There is, of course, the idea of temporarily stanching the bleeding with disaster relief payments. By contrast, buyouts — as you note — offer a lasting solution, if not always a popular one. In the wake of the 2001 crisis, there was a serious effort to put together a legislative package to offer money to Klamath farmers who wanted to sell out and basically retire from farming. A number of farmers expressed interest in such a package, although I’m not sure the number ever approached half of all the farmers in the basin (to the best of my knowledge, it was less than 100 of the roughly 1,000 farmers there). That effort did not get far, but when I reported this story earlier this year, my sense was that — largely due to the string of legal defeats the farmers have suffered in recent years — many of them are in a more conciliatory mood than in the past.
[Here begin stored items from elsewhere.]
(* Let $\alpha\in\mathbb N$. Define the polynomials $$p_n^{(\alpha)}(x)=\binom{\alpha+n-1}{n}_{\mathbb F}\,p_n(x\phi;q^{\alpha-1},1;q),\quad n\ge 0.$$ Then $$p_n^{(\alpha)}(x)=\sum_{k=0}^n(-1)^{kn-\binom{k}{2}}\binom{n}{k}_{\mathbb F}\binom{\alpha+n+k-1}{n}_{\mathbb F}x^k,$$ and $$\int p_n^{(\alpha)}(x)p_m^{(\alpha)}(x)\,d\mu_\alpha(x)=\delta_{n,m}(-1)^{\alpha n}\frac{F_\alpha}{F_{\alpha+2n}},$$ so that the polynomials $$P_n^{(\alpha)}(x)=\sqrt{(-1)^{\alpha n}F_{\alpha+2n}/F_\alpha}\;p_n^{(\alpha)}(x)$$ satisfy $\int P_n^{(\alpha)}P_m^{(\alpha)}\,d\mu_\alpha=\delta_{n,m}$, i.e. they are the corresponding orthonormal polynomials.
   Context: $F_n$ are the Fibonacci numbers ($F_0=0,F_1=1,F_{n+1}=F_n+F_{n-1}$). $\phi=(1+\sqrt5)/2$, $q=(1-\sqrt5)/(1+\sqrt5)$. The Fibonomial coefficients are $\binom{n}{k}_{\mathbb F}=\prod_{i=1}^k F_{n-i+1}/F_i$ for $0\le k\le n$ (empty product $=1$). With $(a;q)_k=\prod_{j=0}^{k-1}(1-aq^j)$, the little $q$-Jacobi polynomials are $$p_n(x;a,b;q)=\sum_{k=0}^n\frac{(q^{-n};q)_k(abq^{n+1};q)_k}{(q;q)_k(aq;q)_k}(xq)^k.$$ $\mu_\alpha=(1-q^\alpha)\sum_{k=0}^\infty q^{\alpha k}\delta_{q^k/\phi}$, a real-valued measure of total mass 1 ($\delta_a$ the unit point mass at $a$). The square root of a negative number is the principal one ($\sqrt{-t}=i\sqrt t$ for $t>0$). *)

From Stdlib Require Import Reals Lra Lia.
From Coquelicot Require Import Coquelicot.
Open Scope R_scope.

Fixpoint fib (n : nat) : nat :=
  match n with
  | O => O
  | S O => 1%nat
  | S ((S m) as p) => (fib p + fib m)%nat
  end.

Definition F (n : nat) : R := INR (fib n).

Fixpoint fibonomial (n k : nat) : R :=
  match k with
  | O => 1
  | S j => fibonomial n j * (F (n - j) / F (S j))
  end.

Definition phi : R := (1 + sqrt 5) / 2.
Definition q : R := (1 - sqrt 5) / (1 + sqrt 5).

Fixpoint qpoch (a qq : R) (k : nat) : R :=
  match k with
  | O => 1
  | S j => qpoch a qq j * (1 - a * qq ^ j)
  end.

Definition little_qjacobi (n : nat) (x a b qq : R) : R :=
  sum_f_R0 (fun k => qpoch (/ qq ^ n) qq k * qpoch (a * b * qq ^ (S n)) qq k
                     / (qpoch qq qq k * qpoch (a * qq) qq k) * (x * qq) ^ k) n.

Definition palpha (alpha n : nat) (x : R) : R :=
  fibonomial (alpha + n - 1) n * little_qjacobi n (x * phi) (q ^ (alpha - 1)) 1 q.

(* weights of mu_alpha = (1 - q^alpha) sum_k q^(alpha k) delta_{q^k/phi} *)
Definition mu_weight (alpha k : nat) : R := (1 - q ^ alpha) * (q ^ alpha) ^ k.
Definition mu_point (k : nat) : R := q ^ k / phi.

Definition is_mu_integral (alpha : nat) (f : R -> R) (v : R) : Prop :=
  is_series (fun k => mu_weight alpha k * f (mu_point k)) v.

Definition is_mu_integralC (alpha : nat) (f : R -> C) (v : C) : Prop :=
  @is_series C_AbsRing C_NormedModule
    (fun k => Cmult (RtoC (mu_weight alpha k)) (f (mu_point k))) v.

Definition csqrt_principal (t : R) : C :=
  if Rle_dec 0 t then (sqrt t, 0) else (0, sqrt (- t)).

Definition Palpha (alpha n : nat) (x : R) : C :=
  Cmult (csqrt_principal ((-1) ^ (alpha * n) * F (alpha + 2 * n) / F alpha))
        (RtoC (palpha alpha n x)).

From Stdlib Require Import Reals Lra Lia.
From Coquelicot Require Import Coquelicot.
Open Scope R_scope.

(* Since [q = -1/phi^2], Binet's formula reads [F_(m+1) = phi^m (1 - q^(m+1)) / (1 - q)]:
   Fibonomials are q-binomial coefficients up to powers of [phi], and [p_n^(alpha)] is a little
   q-Jacobi polynomial in [x phi q]. The explicit expansion follows by comparing the ratios of
   consecutive coefficients.
   The measure [mu_alpha] lives on the points [q^s / phi] with geometric weights, so the moment
   [int x^l p_n dmu_alpha] is a finite sum [sum_k c_k q^k / (1 - q^(alpha + l + k))]. Splitting off
   the pole, it becomes a partial fraction identity for the weights [(q^-n;q)_k q^k / (q;q)_k] plus
   a sum of these weights against a polynomial of degree [< n] in [q^k], which vanishes by the
   q-binomial theorem. The moment carries the factor [(q^-l;q)_n], zero for [l < n]: this gives
   orthogonality, and the moment at [l = n] gives the norm. *)

Lemma one_minus_neq0 c : Rabs c < 1 -> 1 - c <> 0.
Proof. intros Hc E. replace c with 1 in Hc by lra. rewrite Rabs_R1 in Hc. lra. Qed.

Lemma Rabs_pow_le1 r k : Rabs r < 1 -> Rabs (r ^ k) <= 1.
Proof.
  intro Hr. rewrite <- RPow_abs, <- (pow1 k).
  apply pow_incr. split; [apply Rabs_pos | lra].
Qed.

Lemma Rabs_pow_succ_lt1 r k : Rabs r < 1 -> Rabs (r ^ S k) < 1.
Proof.
  intro Hr. rewrite <- RPow_abs.
  apply pow_lt_1_compat; [split; [apply Rabs_pos | exact Hr] | lia].
Qed.

Lemma Rabs_mul_pow_lt1 a r l : Rabs a < 1 -> Rabs r < 1 -> Rabs (a * r ^ l) < 1.
Proof.
  intros Ha Hr. rewrite Rabs_mult.
  pose proof (Rabs_pow_le1 r l Hr). pose proof (Rabs_pos a). pose proof (Rabs_pos (r ^ l)).
  nra.
Qed.

Lemma sum_f_R0_last (f : nat -> R) n : (forall l, (l < n)%nat -> f l = 0) -> sum_f_R0 f n = f n.
Proof.
  intro H. destruct n as [|n]; [reflexivity |]. simpl.
  rewrite sum_eq_R0; [ring |]. intros l Hl. apply H. lia.
Qed.

Inductive poly_deg_le : nat -> (R -> R) -> Prop :=
  | poly_deg_le_const d a (f : R -> R) : (forall z, f z = a) -> poly_deg_le d f
  | poly_deg_le_horner d a (g f : R -> R) :
      poly_deg_le d g -> (forall z, f z = a + z * g z) -> poly_deg_le (S d) f.

Lemma poly_deg_le_ext d f g : poly_deg_le d f -> (forall z, g z = f z) -> poly_deg_le d g.
Proof.
  intros [d' a f' Hf | d' a h f' Hh Hf] E.
  - apply (poly_deg_le_const _ a). intro z. rewrite E. apply Hf.
  - apply (poly_deg_le_horner _ a h); [exact Hh |]. intro z. rewrite E. apply Hf.
Qed.

Lemma poly_deg_le_add_const d f b : poly_deg_le d f -> poly_deg_le d (fun z => f z + b).
Proof.
  intros [d' a f' Hf | d' a g f' Hg Hf].
  - apply (poly_deg_le_const _ (a + b)). intro z. rewrite Hf. reflexivity.
  - apply (poly_deg_le_horner _ (a + b) g); [exact Hg |]. intro z. rewrite Hf. ring.
Qed.

Lemma poly_deg_le_mul_affine d f c :
  poly_deg_le d f -> poly_deg_le (S d) (fun z => f z * (1 - c * z)).
Proof.
  intro H. revert c. induction H as [d a f Hf | d a g f Hg IH Hf]; intro c.
  - apply (poly_deg_le_horner _ a (fun _ => - c * a)).
    + apply (poly_deg_le_const _ (- c * a)). reflexivity.
    + intro z. rewrite Hf. ring.
  - apply (poly_deg_le_horner _ a (fun z => g z * (1 - c * z) + - c * a)).
    + apply poly_deg_le_add_const, IH.
    + intro z. rewrite Hf. ring.
Qed.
So perhaps voluntary buyouts may be an idea whose time is finally ripe in the Klamath.
Buyouts, it seems, are a definitive concession that certain human activities have gone beyond the point that the land (and water) can handle. They are also amazingly contentious. After decades of full-throttle groundwater pumping in Nebraska, for instance, the state legislature in 2004 approved a measure to buy out farmers and return pumping to sustainable levels. Now, the state is trying to sort out the prickly details of how to buy out farmers who may be forced to sell against their will. And the large amounts of money required to buy out farms seems to take us back to the more philosophical question of what our responsibility as, say, individual taxpayers is to the “casualties of a changing world.”
One thing your article did not mention about the Mono Lake case was that the Mono Lake Committee successfully lobbied for replacement water supplies for Los Angeles. $36 million of state and $10 million of federal funding created “new” supplies of water through water conservation and reclamation.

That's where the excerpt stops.